You can see some differences with numpy at this level already, such as the array dimensionality being included in the type.


The default string is variable-length in dynd. In numpy, you either choose a maximum size, or use object arrays with lower performance.


In [7]:
nd.array(["this", "is", "a", "test"]) # dynd


Out[7]:
nd.array(["this",   "is",    "a", "test"],
         type="4 * string")

In [8]:
np.array(["this", "is", "a", "test"]) # numpy


Out[8]:
array(['this', 'is', 'a', 'test'], 
      dtype='<U4')

Dynd has a variable-length dimension type, which supports ragged arrays. If you give this kind of data to numpy, it uses object arrays which are slower and the array programming functionality in the ragged dimension.


In [9]:
nd.array([[1,5,2], [1], [7,9,10,20,13]]) # dynd


Out[9]:
nd.array([           [1, 5, 2],                  [1], [ 7,  9, 10, 20, 13]],
         type="3 * var * int32")

In [10]:
np.array([[1,5,2], [1], [7,9,10,20,13]]) # numpy


Out[10]:
array([[1, 5, 2], [1], [7, 9, 10, 20, 13]], dtype=object)
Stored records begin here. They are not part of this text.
(* Let $H$ be a triangle-free simple graph and $k\ge1$. Then $\nu(I_k \vee H) = \alpha'_k(H)$ and $\tau(I_k \vee H) = k|V(H)| - \phi_k(H)$.
   Context: $I_k$ is an independent set of $k$ vertices; the join $G_1\vee G_2$ is obtained from the disjoint union of $G_1,G_2$ by adding all edges between $V(G_1)$ and $V(G_2)$. For a graph $G$, $\tau(G)$ is the minimum size of an edge set $X$ with $G-X$ triangle-free, and $\nu(G)$ is the maximum number of pairwise edge-disjoint triangles in $G$. $\alpha'_k(G)$ is the maximum number of edges of a $k$-edge-colorable subgraph of $G$. For $D\subseteq V(G)$, $\phi_k(D)=k|D|-|E(G[D])|$ and $\phi_k(G)=\max_{D\subseteq V(G)}\phi_k(D)$. *)

(* Simple graphs on a finType V given by a symmetric,
   irreflexive relation r : rel V. Edges are 2-element vertex sets. *)
From HB Require Import structures.
From mathcomp Require Import all_boot all_order all_algebra.
Set Implicit Arguments. Unset Strict Implicit. Unset Printing Implicit Defensive.
Import Order.TTheory GRing.Theory Num.Theory.

Section Graphs.
Variable V : finType.
Implicit Types (r : rel V) (F : {set {set V}}).

Definition edges r : {set {set V}} :=
  [set E : {set V} | [exists x : V, exists y : V, r x y && (E == [set x; y])]].

Definition is_triangle F (t : {set V}) : bool :=
  (#|t| == 3) &&
  [forall x in t, forall y in t, (x != y) ==> ([set x; y] \in F)].

Definition triangle_freeE F : bool := [forall t : {set V}, ~~ is_triangle F t].

Definition tri_edges F (t : {set V}) : {set {set V}} := [set E in F | E \subset t].

Definition tau r : nat :=
  \big[minn/#|edges r|]_(X : {set {set V}} |
      (X \subset edges r) && triangle_freeE (edges r :\: X)) #|X|.

Definition tri_packing r (P : {set {set V}}) : bool :=
  [forall t in P, is_triangle (edges r) t] &&
  [forall t1 in P, forall t2 in P,
     (t1 != t2) ==> [disjoint tri_edges (edges r) t1 & tri_edges (edges r) t2]].

Definition nu r : nat :=
  \max_(P : {set {set V}} | tri_packing r P) #|P|.

Definition k_edge_colorable (k : nat) F : bool :=
  [exists c : {ffun {set V} -> 'I_k},
     [forall E1 in F, forall E2 in F,
        ((E1 != E2) && (E1 :&: E2 != set0)) ==> (c E1 != c E2)]].

Definition alpha'_ (k : nat) r : nat :=
  \max_(F : {set {set V}} | (F \subset edges r) && k_edge_colorable k F) #|F|.

Definition induced_edges r (D : {set V}) : {set {set V}} :=
  [set E in edges r | E \subset D].

Definition phi_set (k : nat) r (D : {set V}) : int :=
  (k * #|D|)%:Z - (#|induced_edges r D|)%:Z.

(* phi_k(G) = max_D phi_k(D); the empty set gives 0, so starting the
   fold at 0 does not change the value *)
Definition phi_ (k : nat) r : int :=
  \big[Num.max/0%R]_(D : {set V}) phi_set k r D.

End Graphs.

Definition join_Ik (k : nat) (T : finType) (r : rel T) : rel ('I_k + T)%type :=
  fun x y => match x, y with
             | inl _, inl _ => false
             | inl _, inr _ => true
             | inr _, inl _ => true
             | inr a, inr b => r a b
             end.
Arguments join_Ik k {T} r.
Lemma holder_vec_finite x y : Om x -> Om y -> x <> y ->
    (holder_vec Om be w < +oo)%E ->
  exists l h, [/\ linf_vec Om w = l%:E, hsemi_vec Om be w = h%:E & 0 <= h].
Proof.
move=> Ox Oy xy; rewrite /holder_vec.
have q0 : 0 <= eucl (w x - w y) / eucl (x - y) `^ be.
  by rewrite divr_ge0 ?eucl_ge0 ?powR_ge0.
have : ((eucl (w x))%:E <= linf_vec Om w)%E by apply: ereal_sup_ubound; exists x.
have : ((eucl (w x - w y) / eucl (x - y) `^ be)%:E <= hsemi_vec Om be w)%E.
  by apply: ereal_sup_ubound; exists x, y.
case: (hsemi_vec Om be w) => [h||] hge; case: (linf_vec Om w) => [l||] //= _ _.
by exists l, h; split=> //; rewrite -lee_fin (le_trans _ hge) ?lee_fin.
Qed.

Lemma holder_scal_le (f : 'rV[R]_n -> R) (S K h : R) : 0 <= K ->
    (forall x, Om x -> `|f x| <= S) ->
    (forall x y, Om x -> Om y -> `|f x - f y| <= K * eucl (w x - w y)) ->
    (hsemi_vec Om be w <= h%:E)%E ->
  (holder_scal Om be f <= (S + K * h)%:E)%E.
Proof.
move=> K0 fS fK wh; rewrite /holder_scal EFinD leeD //.
  by apply: ge_ereal_sup => _ [x Ox <-]; rewrite lee_fin fS.
apply: ge_ereal_sup => _ [x [y [Ox Oy xy ->]]]; rewrite lee_fin.
have qh : eucl (w x - w y) / eucl (x - y) `^ be <= h.
  by rewrite -lee_fin (le_trans _ wh) //; apply: ereal_sup_ubound; exists x, y.
apply: le_trans (ler_wpM2l K0 qh); rewrite mulrA.
by rewrite ler_wpM2r ?invr_ge0 ?powR_ge0 ?fK.
Qed.

Lemma holder_scal_powR_le (s lam l h : R) : 0 < lam ->
    (forall x, Om x -> lam <= eucl (w x) <= l) -> (hsemi_vec Om be w <= h%:E)%E ->
  (holder_scal Om be (fun x => eucl (w x) `^ s)%R <=
    (Num.max (lam `^ s) (l `^ s)
     + `|s| * Num.max (lam `^ (s - 1)) (l `^ (s - 1)) * h)%R%:E)%E.
Proof.
move=> lam0 wlam wh; apply: holder_scal_le => //.
- by rewrite mulr_ge0 // le_max powR_ge0.
- move=> x /wlam/andP[lx xl]; rewrite ger0_norm ?powR_ge0 //.
  by apply: powR_le_max; rewrite ?lam0.
- move=> x y /wlam wx /wlam wy; rewrite -mulrA.
  set K := Num.max _ _.
  apply: le_trans (powR_lipschitz s lam l K _ _ lam0 _ wx wy) _ => [c /andP[lc cl]|].
    by apply: powR_le_max; rewrite ?lam0 ?lc.
  by rewrite -mulrA ler_wpM2l // ler_wpM2l ?le_max ?powR_ge0 // ler_eucl_dist.
Qed.

Lemma holder_vec_bounds lam : open Om -> Om !=set0 ->
    (holder_vec Om be w < +oo)%E -> 0 < lam ->
    (lam%:E <= ereal_inf [set (eucl (w x))%:E | x in Om])%E ->
  exists l h, [/\ linf_vec Om w = l%:E, hsemi_vec Om be w = h%:E, 0 <= h,
    lam <= l & forall x, Om x -> lam <= eucl (w x) <= l].
Proof.
move=> oOm [x0 Ox0] fin lam0 lam_inf.
have lam_le x : Om x -> lam <= eucl (w x).
  by move=> Ox; rewrite -lee_fin (le_trans lam_inf) //; apply: ereal_inf_lbound; exists x.
have w0 : w x0 != 0 by apply: contraTneq (lam_le x0 Ox0) => ->; rewrite eucl0 -ltNge.
(* a second point is needed: on a singleton the supremum defining hsemi_vec is -oo *)
have [y0 Oy0 x0y0] := open_exists_neq oOm Ox0 w0.
have [l [h [linfE hsemiE h0]]] := holder_vec_finite _ _ Ox0 Oy0 x0y0 fin.
have w_in x : Om x -> lam <= eucl (w x) <= l.
  by move=> Ox; rewrite lam_le // -lee_fin -linfE; apply: ereal_sup_ubound; exists x.
by exists l, h; split=> //; have /andP[] := w_in x0 Ox0; apply: le_trans.
Qed.

End HolderNorms.

Theorem lemma4p1 (R : realType) (n : nat) (Om : set 'rV[R]_n)
    (be s lam1 : R) (u : 'rV[R]_n -> R) :
  smooth_bounded_domain Om -> 0 < be < 1 -> s != 0 ->
  C1beta Om be u ->
  0 < lam1 ->
  (lam1%:E <= ereal_inf [set (eucl (grad u x))%:E | x in Om])%E ->
  let L := fine (linf_vec Om (grad u)) in
  let M := fine (holder_vec Om be (grad u)) in
  let N := holder_scal Om be (fun x => eucl (grad u x) `^ s) in
  [/\ 1 <= s ->
        (N <= (L `^ s + 2 * s * M `^ s)%:E)%E,
      0 < s < 1 ->
        (N <= (L `^ s + 2 * s
                 / (\prod_(1 <= j < (kt s).+1) lam1 `^ ((2 ^ j.-1)%:R * s))
                 * M `^ ((2 ^ kt s)%:R * s))%:E)%E,
      -1 < s < 0 ->
        (N <= (lam1 `^ s + 2 * `|s|
                 / (lam1 `^ (2 * `|s|)
                    * \prod_(1 <= j < (kt `|s|).+1) lam1 `^ ((2 ^ j.-1)%:R * `|s|))
                 * M `^ ((2 ^ kt `|s|)%:R * `|s|))%:E)%E &
      s <= -1 ->
        (N <= (lam1 `^ s + 2 * `|s| * lam1 `^ (2 * s) * M `^ `|s|)%:E)%E].
Proof.
move=> [Om0 oOm _ _ _] _ _ [_ _ fin] lam0 lam_inf L M N.
have [l [h [linfE hsemiE h0 lam_l grad_in]]] := holder_vec_bounds _ oOm Om0 fin lam0 lam_inf.
have hsemi_le : (hsemi_vec Om be (grad u) <= h%:E)%E by rewrite hsemiE.
have N_le := holder_scal_powR_le s lam1 l h lam0 grad_in hsemi_le.
rewrite /L /M /holder_vec linfE hsemiE /=.
have lam_in : 0 < lam1 <= l by rewrite lam0.
have coef lam p : 0 < lam <= l -> 1 <= p ->
    `|s| * lam `^ (s - 1) * h <= 2 * `|s| * (lam `^ (s - p) * (l + h) `^ p).
  by move=> /andP[lam0' laml] p1; apply: powR_mul_le; rewrite ?lam0' //=; lra.
split => hs; apply: le_trans N_le _; rewrite lee_fin.
- rewrite !max_powR_r ?lerD2l //; try lra.
  apply: le_trans (coef l s _ hs) _; first by rewrite lexx andbT; lra.
  by rewrite subrr powRr0 mul1r ger0_norm //; lra.
- have /andP[s0 s1] := hs.
  rewrite max_powR_r ?max_powR_l ?lerD2l //; try lra.
  rewrite prod_powR_doubling // -powRN opprB.
  apply: le_trans (coef lam1 _ _ (expn_kt_mul_ge1 _ hs)) _ => //.
  by rewrite gtr0_norm // mulrA.
- have /andP[s1 s0] := hs.
  have abs_s : 0 < `|s| < 1 by rewrite ltr0_norm //; lra.
  rewrite !max_powR_l ?lerD2l //; try lra.
  set p := (2 ^ kt `|s|)%:R * `|s|.
  rewrite prod_powR_doubling // -powRD ?(gt_eqF lam0) ?implybT // -powRN.
  have -> : - (2 * `|s| + (p - `|s|)) = s - p by rewrite ltr0_norm //; ring.
  apply: le_trans (coef lam1 _ _ (expn_kt_mul_ge1 _ abs_s)) _ => //.
  by rewrite mulrA.
- rewrite !max_powR_l ?lerD2l //; try lra.
  have -> : 2 * s = s - `|s| by rewrite ler0_norm //; [ring | lra].
  apply: le_trans (coef lam1 `|s| _ _) _ => //; last by rewrite mulrA.
  by rewrite ler0_norm //; lra.
Qed.
Lemma corner_hom_mx_neq0 : (0 < d)%N -> corner_hom_mx != 0.
Proof.
move=> d0; pose l : 'rV[K]_d := nz_row 1%:M.
have l0 : l != 0 by rewrite nz_row_eq0 -mxrank_eq0 mxrank1 -lt0n.
have ling : linear (fun y => l *m cact L y).
  by move=> k y z; rewrite linearP mulmxDr -scalemxAr.
pose Phi := lin_rows (fun y => l *m cact L y).
have /corner_hom_mxP : corner_hom Phi.
  move=> a; apply: v2r_mulmxI => y.
  rewrite !mulmxA lmul_mxE !(lin_rowsE ling) -mulmxA; congr (l *m _).
  rewrite (cact_corner L (e * a * e * y)).
  have -> : e * (e * a * e * y) * e = (e * a * e) * (e * y * e).
    by rewrite !mulrA ee -(mulrA (e * a) e e) ee.
  by rewrite (cact_mul L) -!(cact_corner L).
apply: contraTneq => ->; rewrite submx0 mxvec_eq0; apply/eqP => Phi0.
have := lin_rowsE ling e; rewrite -/Phi Phi0 mulmx0 (cact_unit L) mulmx1.
by move=> l_0; move: l0; rewrite -l_0 eqxx.
Qed.

Lemma corner_hom_image_submod Phi : corner_hom Phi -> submod (M := L) <<Phi>>%MS.
Proof. by move=> homPhi a; rewrite (eqmxMr _ (genmxE _)) genmxE -homPhi submxMl. Qed.

Lemma rmul_eigen_rank_le1 (Phi : 'M[K]_(N, d)) :
  (forall b, exists c : K, rmul_mx b *m Phi = c *: Phi) -> (\rank Phi <= 1)%N.
Proof.
move=> eig; apply: leq_trans (rank_leq_row (v2r (1 : A) *m Phi)).
apply/mxrankS/row_subP => i; rewrite rowE.
have -> : delta_mx 0 i = v2r (1 * basis_vec i) by rewrite mul1r r2vK.
rewrite -rmul_mxE -mulmxA; have [c ->] := eig (basis_vec i).
by rewrite -scalemxAr scalemx_sub.
Qed.

(* A simple A-submodule of Hom_eAe(A, L) is a line K Phi with Phi(y b) = c(b) Phi(y),
   so the image of Phi, a nonzero eAe-submodule of L, is spanned by Phi(1). *)
Lemma corner_simple_dim1 : basic_alg A -> simple_mod L -> d = 1%N.
Proof.
move=> basic [d0 minL].
have [V simV VC] := simple_submod_exists corner_hom_mx_submod (corner_hom_mx_neq0 d0).
have rankV := rank_simple_submod simV basic.
pose Phi := vec_mx (nz_row V).
have Phi0 : Phi != 0 by rewrite vec_mx_eq0 nz_row_eq0; case: simV => _ [].
have homPhi : corner_hom Phi.
  by apply/corner_hom_mxP; rewrite vec_mxK (submx_trans (nz_row_sub V)).
have eig b : exists c : K, rmul_mx b *m Phi = c *: Phi.
  have [c Vc] := rank1_submod_eigen (proj1 simV) rankV (nz_row_sub V) b.
  by exists c; rewrite -vec_mx_coind_act /= Vc linearZ.
case: (minL _ (corner_hom_image_submod homPhi)) => [|/eqP].
  by move/eqP; rewrite -mxrank_eq0 genmxE mxrank_eq0 (negbTE Phi0).
by rewrite genmxE => rankPhi; apply/eqP; rewrite eqn_leq -{1}rankPhi rmul_eigen_rank_le1.
Qed.

End Coinduction.

(** * Cyclic modules with the same annihilator *)

Section CyclicIsomorphism.
Variables (K : fieldType) (A : falgType K).

Lemma orbit_mx_transfer (M N : cmod (1 : A)) (m : 'rV[K]_(cdim M)) (n : 'rV[K]_(cdim N)) :
  (forall x, m *m cact M x = 0 -> n *m cact N x = 0) ->
  orbit_mx m *m (pinvmx (orbit_mx m) *m orbit_mx n) = orbit_mx n.
Proof.
move=> ann; apply: v2r_mulmxI => y; rewrite [LHS]mulmxA [LHS]mulmxA.
set t := v2r y *m orbit_mx m *m pinvmx (orbit_mx m).
have tm : (t - v2r y) *m orbit_mx m = 0 by rewrite mulmxBl mulmxKpV ?submxMl // subrr.
have := ann (r2v (t - v2r y)); rewrite -!orbit_mxE r2vK => /(_ tm).
by move/eqP; rewrite mulmxBl subr_eq0 => /eqP.
Qed.

Lemma cyclic_mod_iso (M N : cmod (1 : A)) (m : 'rV[K]_(cdim M)) (n : 'rV[K]_(cdim N)) :
  (forall v, exists x, v = m *m cact M x) -> (forall v, exists x, v = n *m cact N x) ->
  (forall x, m *m cact M x = 0 <-> n *m cact N x = 0) -> mod_iso M N.
Proof.
move=> genm genn ann.
have EMN := orbit_mx_transfer (fun x => (ann x).1).
have ENM := orbit_mx_transfer (fun x => (ann x).2).
pose P := pinvmx (orbit_mx m) *m orbit_mx n; pose Q := pinvmx (orbit_mx n) *m orbit_mx m.
have PQ : P *m Q = 1%:M.
  apply: (row_full_inj (orbit_mx_full genm)).
  by rewrite mulmx1 mulmxA EMN ENM.
have QP : Q *m P = 1%:M.
  apply: (row_full_inj (orbit_mx_full genn)).
  by rewrite mulmx1 mulmxA ENM EMN.
exists P; split.
- by apply/row_freeP; exists Q.
- by apply/row_fullP; exists Q.
- have transfer y : m *m cact M y *m P = n *m cact N y.
    by rewrite -!orbit_mxE -mulmxA EMN.
  move=> a; apply/row_matrixP => i; rewrite !rowE; have [x ->] := genm (delta_mx 0 i).
  rewrite [LHS]mulmxA [RHS]mulmxA -(mulmxA m) -cactM !transfer.
  by rewrite cactM mulmxA.
Qed.

End CyclicIsomorphism.

(** * The extension class of a module with top and socle L(f) *)

(* d is a derivation of eAe with values in the one-dimensional bimodule given by chi. *)
Definition char_der (K : fieldType) (A : falgType K) (e : A) (chi d : A -> K) :=
  (forall k a b, d (k *: (e * a * e) + e * b * e) = k * d (e * a * e) + d (e * b * e)) /\
  (forall a b, d ((e * a * e) * (e * b * e)) =
                 d (e * b * e) * chi (e * a * e) + chi (e * b * e) * d (e * a * e)).
Lemma motion_moves_vx0 e m : 0 < m < 6 -> motion e m (vx 0%R 0) != vx 0%R 0.
Proof.
have movB : all (fun m => (iter m rho (vxc 0%R 0)).2 != ordc 0) (iota 1 5).
  by vm_compute.
move=> /andP [m_gt0 m_lt6]; move/allP: movB => /(_ m).
rewrite mem_iota m_gt0 /= vx_vxc => /(_ m_lt6) moved.
by apply: contra moved => /eqP /(congr1 snd) /= ->.
Qed.

(** * Gamma consists of translations *)

Definition fixes_face_or_edge (f : V -> V) : Prop :=
  (exists s, Kface s /\ dih_eq (map f s) s) \/
  (exists u v, Kedge u v /\ f u = v /\ f v = u).

Lemma fixes_face_or_edge_conj p f h : (forall v, h (tr p v) = tr p (f v)) ->
  fixes_face_or_edge f -> fixes_face_or_edge h.
Proof.
move=> hf [[s [Hs [k fs]]] | [u [v [[s [Hs [k [l uv]]]] [fu fv]]]]].
  left; exists (map (tr p) s); split; first exact: Kface_tr.
  have -> : map h (map (tr p) s) = map (tr p) (map f s).
    by rewrite -!map_comp; apply: eq_map => w /=.
  by exists k; case: fs => fs; [left | right; rewrite -map_rev];
    rewrite -(map_rot k (tr p)) -fs.
right; exists (tr p u), (tr p v); split; last by rewrite !hf fu fv.
exists (map (tr p) s); split; first exact: Kface_tr.
by exists k, (map (tr p) l); rewrite -map_rot; case: uv => ->; [left | right].
Qed.
Lemma cvx_mulmx_simplex F l : cvx_set F -> simplex l ->
  (forall j, l j 0 != 0 -> F (col j A)) -> F (A *m l).
Proof.
move=> cvxF; move: {2}#|[pred j | l j 0 != 0]| (leqnn #|[pred j | l j 0 != 0]|) => k.
elim: k l => [|k IH] l hk sl hF; have [j lj] := simplex_exists_gt0 sl.
  by move: hk; rewrite leqn0 => /eqP/card0_eq/(_ j); rewrite !inE gt_eqF.
have := simplex_le1 j sl; rewrite le_eqVlt => /orP[/eqP lj1|lj1].
  have : \sum_(i | i != j) l i 0 = 0.
    move: sl.2; rewrite (bigD1 j) //= lj1 => /(congr1 (fun x : R => x - 1)).
    by rewrite addrC addrK subrr.
  move=> /(psumr_eq0P (fun i _ => sl.1 i)) l0.
  rewrite mulmx_col_sum (bigD1 j) //= big1 ?addr0 => [|i ij]; last by rewrite l0 // scale0r.
  by rewrite lj1 scale1r; apply: hF; rewrite lj1 oner_neq0.
have [mu smu [lE mu0 muj]] := @mulmx_simplex_split l j (l j 0) sl
  (ltac:(apply/andP; split; [exact: ltW | exact: lexx])) lj1.
rewrite lE; apply: cvxF; [by apply: hF; rewrite gt_eqF| |by apply/andP; split; apply: ltW].
apply: IH => // [|i mui]; last by apply: hF; apply: contra mui => /eqP/mu0 ->.
have hsub : [pred i | mu i 0 != 0] \subset [predD1 [pred i | l i 0 != 0] & j].
  apply/fintype.subsetP => i; rewrite !inE => mui; apply/andP; split.
    by apply: contra mui => /eqP ->; rewrite muj.
  by apply: contra mui => /eqP/mu0 ->.
apply: leq_trans (subset_leq_card hsub) _.
by move: hk; rewrite (cardD1 j [pred i | l i 0 != 0]) inE (gt_eqF lj).
Qed.

Lemma Zset_argmin u g : convhullA A u -> coord_lipschitz g ->
  exists z, Zset A u z /\ forall z', Zset A u z' -> g z <= g z'.
Proof.
move=> [l sl Al] gl; have l1N := l1norm_is_norm m.
pose h z := sign_penalty [set: 'I_n]%SET 0 z + l1norm (A *m z - u).
have hP z : h z <= 0 <-> Zset A u z.
  rewrite /h; split=> [hz|[sz <-]]; last first.
    by rewrite subrr (normv0 l1N) addr0 -simplex_sign_penaltyP.
  have := sign_penalty_ge0 [set: 'I_n]%SET 0 z; have := l1norm_ge0 (A *m z - u) => n0 p0.
  split; first by apply/simplex_sign_penaltyP; lra.
  by apply/eqP; rewrite -subr_eq0; apply/eqP/(normv_le0 l1N); lra.
have hl : coord_lipschitz h.
  exact: lipschitzD (lipschitz_sign_penalty _ _) (lipschitz_normv_affine A u l1N).
have [|z /hP sz i|z [/hP Zz zmin]] := @sublevel_argmin _ h g 1 hl gl.
- by exists l; apply/hP.
- by rewrite ger0_norm ?(sz.1.1 i) //; exact: simplex_le1 sz.1.
- by exists z; split=> // z' /hP; exact: zmin.
Qed.
(* Let $n\ge3$ be odd, let $d,R\in\mathbb{Z}$ with $d\ne0$, $R$ not a square, $\gcd(d,R)=1$, and $D=d^2-R$. Suppose that for each prime divisor $p$ of $n$ there is a prime $q\ge3$ such that $v_q(D)$ is odd and $v_q(D)\not\equiv0\pmod p$. Then $f_n=f_n(Z,d,R)$ is irreducible in $\mathbb{Q}[Z]$.
   Context: $v_q$ denotes the $q$-adic valuation on $\mathbb{Q}\setminus\{0\}$. $f_n(Z,d,R)=\sum_{j=0}^{(n-1)/2}(-1)^j\frac{n}{n-j}\binom{n-j}{j}D^jZ^{n-2j}-2dD^{(n-1)/2}$, which equals $\sqrt D^{\,n}F_n(Z/\sqrt D)-2dD^{(n-1)/2}$ where $F_n(Z)=2T_n(Z/2)$ and $T_n$ is the Chebyshev polynomial of the first kind. *)

From HB Require Import structures.
From mathcomp Require Import all_boot all_order all_algebra.
Set Implicit Arguments. Unset Strict Implicit. Unset Printing Implicit Defensive.
Import Order.TTheory GRing.Theory Num.Theory.
Local Open Scope ring_scope.

Definition Dval (d R : int) : int := d ^+ 2 - R.

Definition vq (q : nat) (z : int) : nat := logn q `|z|%N.

Definition f_poly (n : nat) (d R : int) : {poly rat} :=
  let D : rat := (Dval d R)%:~R in
  \sum_(j < (n.-1)./2.+1)
     (((-1) ^+ j * (n%:R / (n - j)%N%:R) * ('C((n - j)%N, j))%:R * D ^+ j)
        *: 'X^((n - 2 * j)%N))
  - (2 * d%:~R * D ^+ (n.-1)./2)%:P.

From HB Require Import structures.
From mathcomp Require Import all_boot all_order all_algebra.
From mathcomp Require Import zify ring.
Import Order.TTheory GRing.Theory Num.Theory.
Local Open Scope ring_scope.

(* Irreducibility of f_n(Z,d,R) by a q-adic Newton polygon argument.

   Clearing the denominators n/(n-j) shows that f_n is the image of a monic
   integer polynomial F of degree n ([f_polyE]): the coefficient of Z^(n-2j) is
   (-1)^j (C(n-j,j) + C(n-j-1,j-1)) D^j and the constant term is -2 d D^h, with
   h = (n-1)/2.  By Gauss's lemma ([irreducible_map_int]) it suffices to rule
   out factorizations F = G r over Z with 0 < deg G = k < n.

   For a prime q >= 3 dividing D and not d, v_q(F_0) = h v_q(D) while
   v_q(F_(n-2j)) >= j v_q(D): the q-adic Newton polygon of F is the single
   segment from (0, h v_q(D)) to (n, 0).  The general lemma
   [single_slope_factor] then forces n v_q(G_0) = k h v_q(D); it rests on the
   product formula [coefM_first_argmin] for the weighted valuation
   min_i (a v_q(P_i) + i b) of a polynomial P.  For each prime p | n the
   hypothesis provides such a q with p coprime to v_q(D), and p is coprime to
   h because gcd(n, h) = 1; so the p-part of n divides k.  Hence n | k, which
   is impossible. *)

Lemma vqM q (a b : int) : a != 0 -> b != 0 -> vq q (a * b) = (vq q a + vq q b)%N.
Proof. by move=> a0 b0; rewrite /vq abszM lognM // absz_gt0. Qed.

Lemma vqN q (a : int) : vq q (- a) = vq q a.
Proof. by rewrite /vq abszN. Qed.

Lemma vqX q k (a : int) : vq q (a ^+ k) = (k * vq q a)%N.
Proof. by rewrite /vq abszX lognX. Qed.

Lemma vq_dvd q e (a : int) : prime q -> a != 0 ->
  ((q ^ e)%:Z %| a)%Z = (e <= vq q a)%N.
Proof. by move=> q_pr a0; rewrite dvdzE /vq /= pfactor_dvdn // absz_gt0. Qed.

Lemma vq_unit q (a b : int) : a * b = 1 -> vq q a = 0%N.
Proof.
move=> ab1; have /eqP : (`|a| * `|b| = 1)%N by rewrite -abszM ab1.
by rewrite muln_eq1 => /andP[/eqP a1 _]; rewrite /vq a1 logn1.
Qed.

Lemma vq_indivisible q (a : int) : prime q -> ~~ (q %| `|a|)%N -> vq q a = 0%N.
Proof. by move=> q_pr nqa; rewrite /vq logn_coprime // prime_coprime. Qed.

Lemma vq_exact q e (a : int) : prime q ->
  ((q ^ e)%:Z %| a)%Z -> ~~ ((q ^ e.+1)%:Z %| a)%Z -> a != 0 /\ vq q a = e.
Proof.
move=> q_pr qe_a qe1_a; have a0 : a != 0 by apply: contraNneq qe1_a => ->.
split=> //; apply/eqP; rewrite eqn_leq -vq_dvd // qe_a andbT.
by move: qe1_a; rewrite vq_dvd // -ltnNge.
Qed.

Definition first_argmin (P : {poly int}) (w : nat -> nat) (i : nat) : Prop :=
  [/\ P`_i != 0, forall j, P`_j != 0 -> (w i <= w j)%N
    & forall j, (j < i)%N -> P`_j != 0 -> (w i < w j)%N].

(* Every nonzero polynomial has such an index: minimise w j * size P + j. *)
Lemma first_argminP (P : {poly int}) (w : nat -> nat) :
  P != 0 -> exists i, first_argmin P w i.
Proof.
move=> P0; set s := size P.
have coef_lt j : P`_j != 0 -> (j < s)%N.
  by apply: contraR; rewrite -leqNgt => /(nth_default 0) ->.
pose key (j : nat) := (w j * s + j)%N.
have has_key : exists k, [exists j : 'I_s, (P`_j != 0) && (key j == k)].
  exists (key s.-1); apply/existsP.
  have ls : (s.-1 < s)%N by rewrite prednK // size_poly_gt0.
  by exists (Ordinal ls); rewrite /= eqxx andbT -lead_coefE lead_coef_eq0.
case: (ex_minnP has_key) => _ /existsP[i /andP[Pi /eqP <-]] min_key.
have key_le j : P`_j != 0 -> (key i <= key j)%N.
  move=> Pj; apply: min_key; apply/existsP.
  by exists (Ordinal (coef_lt j Pj)); rewrite Pj eqxx.
have i_lt := ltn_ord i.
exists i; split=> // [j Pj | j ji Pj]; have := key_le j Pj; have := coef_lt j Pj;
  rewrite /key; nia.
Qed.

Section WeightedValuation.
Variables (q a b : nat).
Hypothesis q_prime : prime q.

(* The weight of the point (i, v_q(P_i)) of the Newton diagram of [P] in the
   direction of slope -b/a: points on a segment of that slope share a weight. *)
Definition weight (P : {poly int}) (i : nat) : nat := (a * vq q P`_i + i * b)%N.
As a part of blaze, dynd is based on its datashape type system notation. This provides a convenient way to create arrays of structs.


In [11]:
x = nd.array([('XDress - Type, But Verify', 'Anthony Scopatz', '2013-06-26T11:55', 204),
          ('matplotlib: past, present and future', 'Michael Droettboom', '2013-06-27T10:15', 106),
          ('The DyND Library', 'Mark Wiebe', '2013-06-27T14:35', 203),
          ('The advantages of a scientific IDE', 'Carlos Cordoba', '2013-06-26T11:30', 203)],
        dtype="""{
            title: string,
            presenter: string,
            time: datetime,
            room: int32
        }""")
x


Out[11]:
nd.array([["XDress - Type, But Verify", "Anthony Scopatz", 2013-06-26T11:55, 204],
          ["matplotlib: past, present and future", "Michael Droettboom", 2013-06-27T10:15, 106],
          ["The DyND Library", "Mark Wiebe", 2013-06-27T14:35, 203],
          ["The advantages of a scientific IDE", "Carlos Cordoba", 2013-06-26T11:30, 203]],
         type="4 * {title : string, presenter : string, time : datetime, room : int32}")

Field access can be done directly via python attributes.


In [12]:
x.room


Out[12]:
nd.array([204, 106, 203, 203],
         type="4 * int32")

Or, equivalently, by indexing into the dimension of the struct.


In [13]:
x[:,3]


Out[13]:
nd.array([204, 106, 203, 203],
         type="4 * int32")

In [14]:
x[:, :2]


Out[14]:
nd.array([["XDress - Type, But Verify", "Anthony Scopatz"],
          ["matplotlib: past, present and future", "Michael Droettboom"],
          ["The DyND Library", "Mark Wiebe"],
          ["The advantages of a scientific IDE", "Carlos Cordoba"]],
         type="4 * {title : string, presenter : string}")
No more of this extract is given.